Lemma blk_mul_col (A : 'M[R]_N1) (B : forall j, 'M[R]_(Ns j))
    (u : 'cV[R]_N1) (v : forall j, 'cV[R]_(Ns j)) :
  block_mx A 0 0 (\mxdiag_j B j) *m col_mx u (\mxcol_j v j) =
  col_mx (A *m u) (\mxcol_j (B j *m v j)).
Proof. by rewrite mul_block_col !mul0mx addr0 add0r mul_mxdiag_mxcol. Qed.

Lemma blk_sub (a : R) (A : 'M[R]_N1) (B : forall j, 'M[R]_(Ns j)) :
  a%:M - block_mx A 0 0 (\mxdiag_j B j) =
  block_mx (a%:M - A) 0 0 (\mxdiag_j (a%:M - B j)).
Proof.
rewrite (scalar_mx_block N1) opp_block_mx add_block_mx oppr0 addr0 mxdiagB mxdiagZ.
by rewrite subrr.
Qed.

Lemma blk_add (a : R) (A : 'M[R]_N1) (B : forall j, 'M[R]_(Ns j)) :
  a%:M + block_mx A 0 0 (\mxdiag_j B j) =
  block_mx (a%:M + A) 0 0 (\mxdiag_j (a%:M + B j)).
Proof. by rewrite (scalar_mx_block N1) add_block_mx !addr0 mxdiagD mxdiagZ. Qed.

End BlockDiagonal.

Section CommutingTransform.
Variables (R : comPzRingType) (N : nat) (Ga A : 'M[R]_N).
Hypothesis AGaC : A *m Ga = Ga *m A.

Lemma commuting_shift (a : R) (u v : 'cV[R]_N) :
  (a%:M - Ga) *m u = (a%:M + Ga) *m v ->
  (a%:M - Ga) *m (A *m u) = (a%:M + Ga) *m (A *m v).
Proof.
have AsubC : (a%:M - Ga) *m A = A *m (a%:M - Ga).
  by rewrite mulmxBl mulmxBr scalar_mxC AGaC.
have AaddC : (a%:M + Ga) *m A = A *m (a%:M + Ga).
  by rewrite mulmxDl mulmxDr scalar_mxC AGaC.
by move=> E; rewrite !mulmxA AsubC AaddC -!mulmxA E.
Qed.

Lemma commuting_sylvester (M : 'M[R]_N) (r : 'cV[R]_N) (c : 'rV[R]_N) :
  M *m Ga + Ga *m M = r *m c ->
  (A *m M) *m Ga + Ga *m (A *m M) = (A *m r) *m c.
Proof. by move=> E; rewrite -mulmxA (mulmxA Ga) -AGaC -mulmxA -mulmxDr E mulmxA. Qed.

End CommutingTransform.

Section Assembled.
Variables (R : numClosedFieldType) (p q : R) (N1 s1 : nat) (Ns : 'I_s1 -> nat).
Variables (k : 'I_N1 -> R) (kap : 'I_s1 -> R) (rho0D : 'I_N1 -> R) (rho0J : 'I_s1 -> R).
Variables (c1 : 'rV[R]_N1) (cJ : forall j, 'rV[R]_(Ns j)).
Hypothesis HNs : forall j, (0 < Ns j)%N.

Local Notation Ga := (Gamma Ns k kap).
Local Notation r := (rvec p q Ns k kap rho0D rho0J).
Local Notation F := (Fmat p q Ns k kap rho0D rho0J).
Local Notation H := (Hmat c1 cJ).

Lemma eigenvalue_k i : eigenvalue Ga (k i).
Proof.
apply/eigenvalueP; exists (row_mx (delta_mx 0 i) 0).
  rewrite /Gamma mul_row_block !mulmx0 !mul0mx !addr0 scale_row_mx scaler0; congr row_mx.
  apply/matrixP => a b; rewrite /GammaD mul_mx_diag !mxE (ord1 a) eqxx /=.
  by case: eqP => [<-|_]; rewrite ?mul1r ?mulr1 ?mul0r ?mulr0.
rewrite row_mx_eq0 negb_and; apply/orP; left; apply/eqP => /matrixP /(_ 0 i).
by rewrite !mxE !eqxx /=; apply/eqP; exact: oner_neq0.
Qed.

Lemma eigenvalue_kap j : eigenvalue Ga (kap j).
Proof.
pose B l : 'rV[R]_(Ns l) := if l == j then (e1 R (Ns l))^T else 0.
apply/eigenvalueP; exists (row_mx 0 (\mxrow_l B l)).
  rewrite /Gamma mul_row_block !mulmx0 !mul0mx ?add0r ?addr0 mul_mxrow_mxdiag.
  rewrite scale_row_mx scaler0; congr row_mx.
  have -> : \mxrow_l (B l *m GammaJ (Ns l) (kap l)) = \mxrow_l (kap j *: B l).
    apply/eq_mxrow => l; rewrite /B; case: eqP => [->|_]; first exact: e1T_GammaJ.
    by rewrite mul0mx scaler0.
  by apply/matrixP => a b; rewrite !mxE.
rewrite row_mx_eq0 negb_and; apply/orP; right; apply/negP => /eqP h.
have := congr1 (fun M => submxrow M j) h; rewrite mxrowK submxrow0 /B eqxx.
by move/matrixP => /(_ 0 (Ordinal (HNs j))); rewrite !mxE /= => /eqP; rewrite oner_eq0.
Qed.

Hypothesis Hreg : forall x, eigenvalue Ga x -> regular p q x.

Lemma rvec_shift_n n m : (p%:M - Ga) *m r (n + 1) m = (p%:M + Ga) *m r n m.
Proof.
rewrite /Gamma blk_sub blk_add /rvec !blk_mul_col; congr col_mx.
  by apply: GammaD_shift => i; apply: rho_shift_n; apply/Hreg/eigenvalue_k.
by apply/eq_mxcol => j; exact: GammaJ_shift (trho_shift_n n m (rho0J j) (Hreg (eigenvalue_kap j))).
Qed.

Lemma rvec_shift_m n m : (q%:M - Ga) *m r n (m + 1) = (q%:M + Ga) *m r n m.
Proof.
rewrite /Gamma blk_sub blk_add /rvec !blk_mul_col; congr col_mx.
  by apply: GammaD_shift => i; apply: rho_shift_m; apply/Hreg/eigenvalue_k.
by apply/eq_mxcol => j; exact: GammaJ_shift (trho_shift_m n m (rho0J j) (Hreg (eigenvalue_kap j))).
Qed.

(* The vector e with F e = r and e^T H = c. *)
Definition evec : 'cV[R]_(N1 + \sum_j Ns j) :=
  col_mx (const_mx 1) (\mxcol_j e1 R (Ns j)).

Lemma Gamma_tr : Ga^T = block_mx (GammaD k) 0 0 (\mxdiag_j (GammaJ (Ns j) (kap j))^T).
Proof. by rewrite /Gamma tr_block_mx !trmx0 /GammaD tr_diag_mx tr_mxdiag. Qed.

Lemma Fmat_GammaC n m : Ga *m F n m = F n m *m Ga.
Proof.
rewrite /Gamma /Fmat !blk_mul; congr block_mx; first by rewrite /GammaD /FD diag_mxC.
apply/eq_mxdiag => j; apply: ltToeplitz_GammaJC.
by exists (fun l => trho p q l n m (rho0J j) (kap j)) => a b; rewrite mxE.
Qed.

Lemma Hmat_Gamma : H *m Ga = Ga^T *m H.
Proof.
rewrite Gamma_tr /Hmat /Gamma !blk_mul; congr block_mx; first by rewrite /GammaD /HD diag_mxC.
by apply/eq_mxdiag => j; apply: HJ_GammaJ.
Qed.

Lemma Fmat_evec n m : F n m *m evec = r n m.
Proof.
rewrite /Fmat /evec blk_mul_col /rvec; congr col_mx.
  by apply/matrixP => i j; rewrite /FD mul_diag_mx !mxE mulr1.
by apply/eq_mxcol => j; apply: FJ_e1.
Qed.

Lemma evec_Hmat : evec^T *m H = cvec c1 cJ.
Proof.
rewrite /evec tr_col_mx tr_mxcol /Hmat mul_row_block !mulmx0 addr0 add0r.
rewrite mul_mxrow_mxdiag /cvec; congr row_mx.
  by apply/matrixP => i j; rewrite /HD mul_mx_diag !mxE mul1r (ord1 i).
by apply/eq_mxrow => j; apply: e1_HJ.
Qed.

Hypothesis Hsum : forall lam mu, eigenvalue Ga lam -> eigenvalue Ga mu -> lam + mu != 0.

Lemma GDJ_row_sylvester : GammaD k *m (\mxrow_j GDJ (Ns j) k (kap j)) +
  (\mxrow_j GDJ (Ns j) k (kap j)) *m (\mxdiag_j (GammaJ (Ns j) (kap j))^T) =
  const_mx 1 *m (\mxcol_j e1 R (Ns j))^T.
Proof.
rewrite tr_mxcol mul_mxrow mul_mxrow_mxdiag mul_mxrow -mxrowD.
apply/eq_mxrow => j; apply: GDJ_sylvester => i.
by apply: Hsum; [apply: eigenvalue_k | apply: eigenvalue_kap].
Qed.

Lemma Gmat_sylvester : Ga *m Gmat Ns k kap + Gmat Ns k kap *m Ga^T = evec *m evec^T.
Proof.
rewrite Gamma_tr /Gamma /Gmat !mulmx_block !mul0mx !mulmx0 !addr0 !add0r add_block_mx.
rewrite /evec tr_col_mx mul_col_row; congr block_mx.
- apply/matrixP => i j; rewrite mxE /GammaD mul_diag_mx mul_mx_diag !mxE big_ord1 !mxE.
  by field; apply: Hsum; apply: eigenvalue_k.
- exact: GDJ_row_sylvester.
- have := congr1 trmx GDJ_row_sylvester; rewrite raddfD /= !trmx_mul !trmxK.
  have -> : (\mxdiag_j (GammaJ (Ns j) (kap j))^T)^T = \mxdiag_j GammaJ (Ns j) (kap j).
    by rewrite tr_mxdiag; apply/eq_mxdiag => j; rewrite trmxK.
  by rewrite /GammaD tr_diag_mx addrC.
- rewrite tr_mxcol mul_mxcol_mxrow mul_mxdiag_mxblock mul_mxblock_mxdiag -mxblockD.
  have hKK i j : kap i + kap j != 0 by apply: Hsum; apply: eigenvalue_kap.
  apply/eq_mxblock => i j; case: ifP => _; first exact: GJJ_sylvester.
  have := congr1 trmx (GJJ_sylvester (Ns j) (Ns i) (hKK j i)).
  by rewrite raddfD /= !trmx_mul !trmxK addrC.
Qed.

Lemma Mmat_sylvester n m :
  Mmat p q k kap rho0D rho0J c1 cJ n m *m Ga + Ga *m Mmat p q k kap rho0D rho0J c1 cJ n m =
  r n m *m cvec c1 cJ.
Proof.
rewrite /Mmat; set G := Gmat _ _ _.
have -> : F n m *m G *m H *m Ga = F n m *m (G *m Ga^T) *m H.
  by rewrite -[F n m *m G *m H *m Ga]mulmxA Hmat_Gamma !mulmxA.
have -> : Ga *m (F n m *m G *m H) = F n m *m (Ga *m G) *m H.
  by rewrite !mulmxA Fmat_GammaC.
by rewrite -mulmxDl -mulmxDr addrC Gmat_sylvester !mulmxA Fmat_evec -mulmxA evec_Hmat.
Qed.

End Assembled.

Lemma Amat_GammaC (R : numClosedFieldType) N1 s1 (Ns : 'I_s1 -> nat)
    (k : 'I_N1 -> R) (kap : 'I_s1 -> R) (AJ : forall j, 'M[R]_(Ns j)) :
  (forall j, ltToeplitz (AJ j)) -> Amat N1 AJ *m Gamma Ns k kap = Gamma Ns k kap *m Amat N1 AJ.
Proof.
move=> hT; rewrite /Amat /Gamma !blk_mul mul1mx mulmx1; congr block_mx.
by apply/eq_mxdiag => j; rewrite ltToeplitz_GammaJC.
Qed.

- _TASK GOAL_:
Check each line of the data for "cvec". Copy the lines where it turns up.

- _YOUR SOLUTION_:
Lemma evec_Hmat : evec^T *m H = cvec c1 cJ.
rewrite mul_mxrow_mxdiag /cvec; congr row_mx.
  r n m *m cvec c1 cJ.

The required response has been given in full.